▶ [SOURCE RECORDS]:
(* Let $c \geq 1$, $r \geq 0$, $k \geq 1$ be integers. Then every $c$-NSOBDD computing the function $F_{r,k}$ has size at least $2^{rk/(4c-2)}$.
   Context: For a graph $G$, the CNF $CNF(G)$ has a variable $X_u$ for each vertex $u$ and a variable $X_{u,v}=X_{v,u}$ for each edge $\{u,v\}$; its clauses are $(X_u \vee X_{u,v} \vee X_v)$ for each edge $\{u,v\}$. $T_r$ is the complete binary tree of height $r$; $CT_{r,k}$ is obtained from $T_r$ by replacing each node by a $k$-clique and, for each edge $\{a,b\}$ of $T_r$, joining every vertex of the clique of $a$ to every vertex of the clique of $b$; $F_{r,k}=CNF(CT_{r,k})$. A non-deterministic branching program is a directed acyclic graph with one root and one leaf, some of whose edges are labelled by literals of variables. A path is consistent if it does not contain two edges labelled by opposite literals of the same variable; a consistent root-leaf path is a computational path. The program computes $F$: an assignment $S$ (viewed as a set of literals) satisfies $F$ iff some computational path has all its edge labels in $S$. A $c$-NSOBDD (nondeterministic semantic $c$-OBDD) is such a program for which there is a permutation $SV$ of its variables such that every computational path $P$ can be written as a concatenation $P=P_1+\dots+P_c$ of subpaths where on each $P_i$ each variable occurs at most once as a label and the sequence of labels along $P_i$ is ordered according to $SV$. Size is the number of nodes. *)

From mathcomp Require Import all_boot.
From Stdlib Require Reals.

Set Implicit Arguments.
Unset Strict Implicit.
Unset Printing Implicit Defensive.

(* An edge {u,v} is represented as the 2-element vertex set [set u; v]. *)
Definition is_edge_set (V : finType) (e : rel V) (A : {set V}) : bool :=
  [exists u, exists v, e u v && (A == [set u; v])].

Definition edgeT (V : finType) (e : rel V) : finType :=
  {A : {set V} | is_edge_set e A}.

(* Variables of CNF(G): X_u (inl u) for vertices, X_{u,v} (inr A) for edges. *)
Definition cnf_var (V : finType) (e : rel V) : finType := (V + edgeT e)%type.

(* CNF(G) evaluated at an assignment: for each edge A = {u,v} the clause
   (X_u \/ X_{u,v} \/ X_v). *)
Definition CNF (V : finType) (e : rel V) (a : cnf_var e -> bool) : bool :=
  [forall A : edgeT e,
     a (inr A) || [exists u in val A, a (inl u)]].

(* T_r: complete binary tree of height r (2^(r+1)-1 nodes), heap-indexed: *)
(* node j : 'I_(2^(r+1)-1) stands for position j+1; the children of      *)
(* position p are 2p and 2p+1.                                           *)
Definition Tnode (r : nat) : finType := 'I_(2 ^ r.+1 - 1).

Definition Tchild (r : nat) (a b : Tnode r) : bool :=
  ((b : nat).+1 == ((a : nat).+1).*2) || ((b : nat).+1 == (((a : nat).+1).*2).+1).

Definition Tadj (r : nat) : rel (Tnode r) := fun a b => Tchild a b || Tchild b a.

Definition CTvert (r k : nat) : finType := (Tnode r * 'I_k)%type.

Definition CTadj (r k : nat) : rel (CTvert r k) := fun x y =>
  ((x.1 == y.1) && (x.2 != y.2)) || Tadj x.1 y.1.

Definition Fvar (r k : nat) : finType := cnf_var (@CTadj r k).

Definition F (r k : nat) : (Fvar r k -> bool) -> bool := @CNF _ (@CTadj r k).

(* Nodes: finType N; edges: finType E with source/target maps and an    *)
(* optional label, a literal (x, b) meaning "x = b".                     *)

Section BP.
Variables (X N E : finType) (src dst : E -> N) (lab : E -> option (X * bool)).

Fixpoint walk (u : N) (p : seq E) (v : N) : Prop :=
  match p with
  | [::] => u = v
  | ed :: p' => src ed = u /\ walk (dst ed) p' v
  end.

Definition labels (p : seq E) : seq (X * bool) := pmap lab p.

Definition consistent (p : seq E) : Prop :=
  forall x : X, ~ ((x, true) \in labels p /\ (x, false) \in labels p).

Definition is_BP (root leaf : N) : Prop :=
  (forall u p, walk u p u -> p = [::]) /\
  (forall n : N, (forall ed, dst ed != n) <-> n = root) /\
  (forall n : N, (forall ed, src ed != n) <-> n = leaf).

Definition computational (root leaf : N) (p : seq E) : Prop :=
  walk root p leaf /\ consistent p.

Definition computes (root leaf : N) (f : (X -> bool) -> bool) : Prop :=
  forall a : X -> bool,
    f a <-> exists p, computational root leaf p /\
                      forall l, l \in labels p -> a l.1 = l.2.

Definition ordered_by (SV : seq X) (q : seq E) : bool :=
  let vs := map fst (labels q) in
  uniq vs && sorted (fun x y => index x SV <= index y SV) vs.

Definition NSOBDD (c : nat) (root leaf : N) : Prop :=
  exists SV : seq X, perm_eq SV (enum X) /\
    forall p, computational root leaf p ->
      exists ps : seq (seq E),
        size ps = c /\ flatten ps = p /\ all (ordered_by SV) ps.

End BP.

(* Cut the variable order of a c-NSOBDD after its first t variables.  An
   accepted path splits into 2c segments reading alternately variables before
   and after the cut, joined at 2c-1 nodes; two satisfying assignments whose
   paths pass through the same 2c-1 nodes can be spliced (one read before the
   cut, the other after) into an accepted, hence satisfying, assignment.  A
   matching of M edges of CT_{r,k} going across the cut gives 2^M satisfying
   assignments no two of which splice (make the matched edge variables false
   and give the ends of the j-th edge the values S_j and ~~ S_j), so
   2^M <= |N|^(2c-1).  A cut with M >= rk/2 is built by induction on subtrees
   of height h: of the three thresholds found for three grandchildren, take the
   median; it keeps the matching of the middle one, and along the tree walk
   between the other two the number of vertices before the cut in the two
   cliques of an edge passes through k, which yields k further matched pairs. *)

From Stdlib Require Import Reals Lra.
From mathcomp Require Import all_boot zify.

Set Implicit Arguments.
Unset Strict Implicit.
Unset Printing Implicit Defensive.

Definition splice (X : Type) (side : pred X) (a b : X -> bool) (x : X) : bool :=
  if side x then a x else b x.

Definition before (X : eqType) (SV : seq X) (t : nat) (x : X) : bool := index x SV < t.

Section CrossingSequences.
Variables (X N E : finType) (src dst : E -> N) (lab : E -> option (X * bool)).
Local Notation walk := (walk src dst).
Local Notation labels := (labels lab).

Lemma walk_cat u p q v :
  walk u (p ++ q) v <-> exists w, walk u p w /\ walk w q v.
Proof.
elim: p u => [|ed p IH] u /=.
  by split; [exists u | case=> w [->]].
split; first by case=> Hs /IH [w [H1 H2]]; exists w.
by case=> w [[Hs H1] H2]; split => //; apply/IH; exists w.
Qed.

Definition walk_segments u v (P : seq (seq E)) (bs : seq N) :=
  size P = (size bs).+1 /\
  forall n, n < size P ->
    walk (nth u (u :: bs) n) (nth [::] P n) (nth v (rcons bs v) n).

Lemma walk_segments_flatten u v P bs :
  walk_segments u v P bs -> walk u (flatten P) v.
Proof.
elim: bs u P => [|b bs IH] u [|q P] //=; try by case.
  case=> [[/eqP]]; rewrite size_eq0 => /eqP -> H.
  by have := H 0 isT; rewrite /= cats0.
case=> [[Hs] H]; apply/walk_cat; exists b; split; first exact: (H 0).
apply: IH; split => // n Hn.
by have := H n.+1 Hn; rewrite /= (set_nth_default b u) //= -Hs.
Qed.

Lemma walk_flatten_segments u v P :
  walk u (flatten P) v -> P != [::] -> exists bs, walk_segments u v P bs.
Proof.
elim: P u => [|q P IH] u //= H _.
case: P IH H => [|q' P] IH H.
  by exists [::]; split => // [[|n]] //= _; rewrite -(cats0 q).
move/walk_cat: H => [w [H1 /IH [//|bs [Hs Hb]]]].
exists (w :: bs); split; first by rewrite /= -Hs.
move=> [|n] Hn //=; have := Hb n Hn.
by rewrite /= (set_nth_default w u) //; move: Hn Hs => /= Hn [<-].
Qed.

Definition on_side (side : pred X) (b : bool) (q : seq E) :=
  forall l, l \in labels q -> side l.1 = b.

Lemma labels_cons ed q :
  labels (ed :: q) = if lab ed is Some l then l :: labels q else labels q.
Proof. by rewrite /labels /=; case: (lab ed). Qed.

Lemma labels_flatten (Q : seq (seq E)) : labels (flatten Q) = flatten (map labels Q).
Proof. by elim: Q => //= q Q <-; rewrite /labels pmap_cat. Qed.

Lemma sorted_split (SV : seq X) t q :
  sorted (fun x y => index x SV <= index y SV) (map fst (labels q)) ->
  exists a b, [/\ q = a ++ b, on_side (before SV t) true a & on_side (before SV t) false b].
Proof.
elim: q => [|ed q IH]; first by exists [::], [::].
rewrite labels_cons; case Hl: (lab ed) => [[x s]|] /= Hs; last first.
  have [a [b [-> Ha Hb]]] := IH Hs.
  by exists (ed :: a), b; split => // l; rewrite labels_cons Hl; apply: Ha.
have [a [b [Hq Ha Hb]]] := IH (path_sorted Hs).
case Hx: (before SV t x).
  exists (ed :: a), b; split => [|l|//]; first by rewrite Hq.
  by rewrite labels_cons Hl in_cons => /orP [/eqP -> //|]; apply: Ha.
exists [::], (ed :: q); split => // l.
rewrite labels_cons Hl in_cons => /orP [/eqP -> //|Hin].
have Htr : transitive (fun x y => index x SV <= index y SV).
  by move=> ? ? ?; exact: leq_trans.
have /allP/(_ l.1 (map_f _ Hin)) Hxl := order_path_min Htr Hs.
by apply: contraFF Hx => Hlt; exact: leq_ltn_trans Hxl Hlt.
Qed.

▶ [WHAT NEEDS TO BE DONE]: Pick out the lines above that hold the string "matched" and show them.

▶ [ANSWER TO THIS EXERCISE]:
   assignments no two of which splice (make the matched edge variables false
   cliques of an edge passes through k, which yields k further matched pairs. *)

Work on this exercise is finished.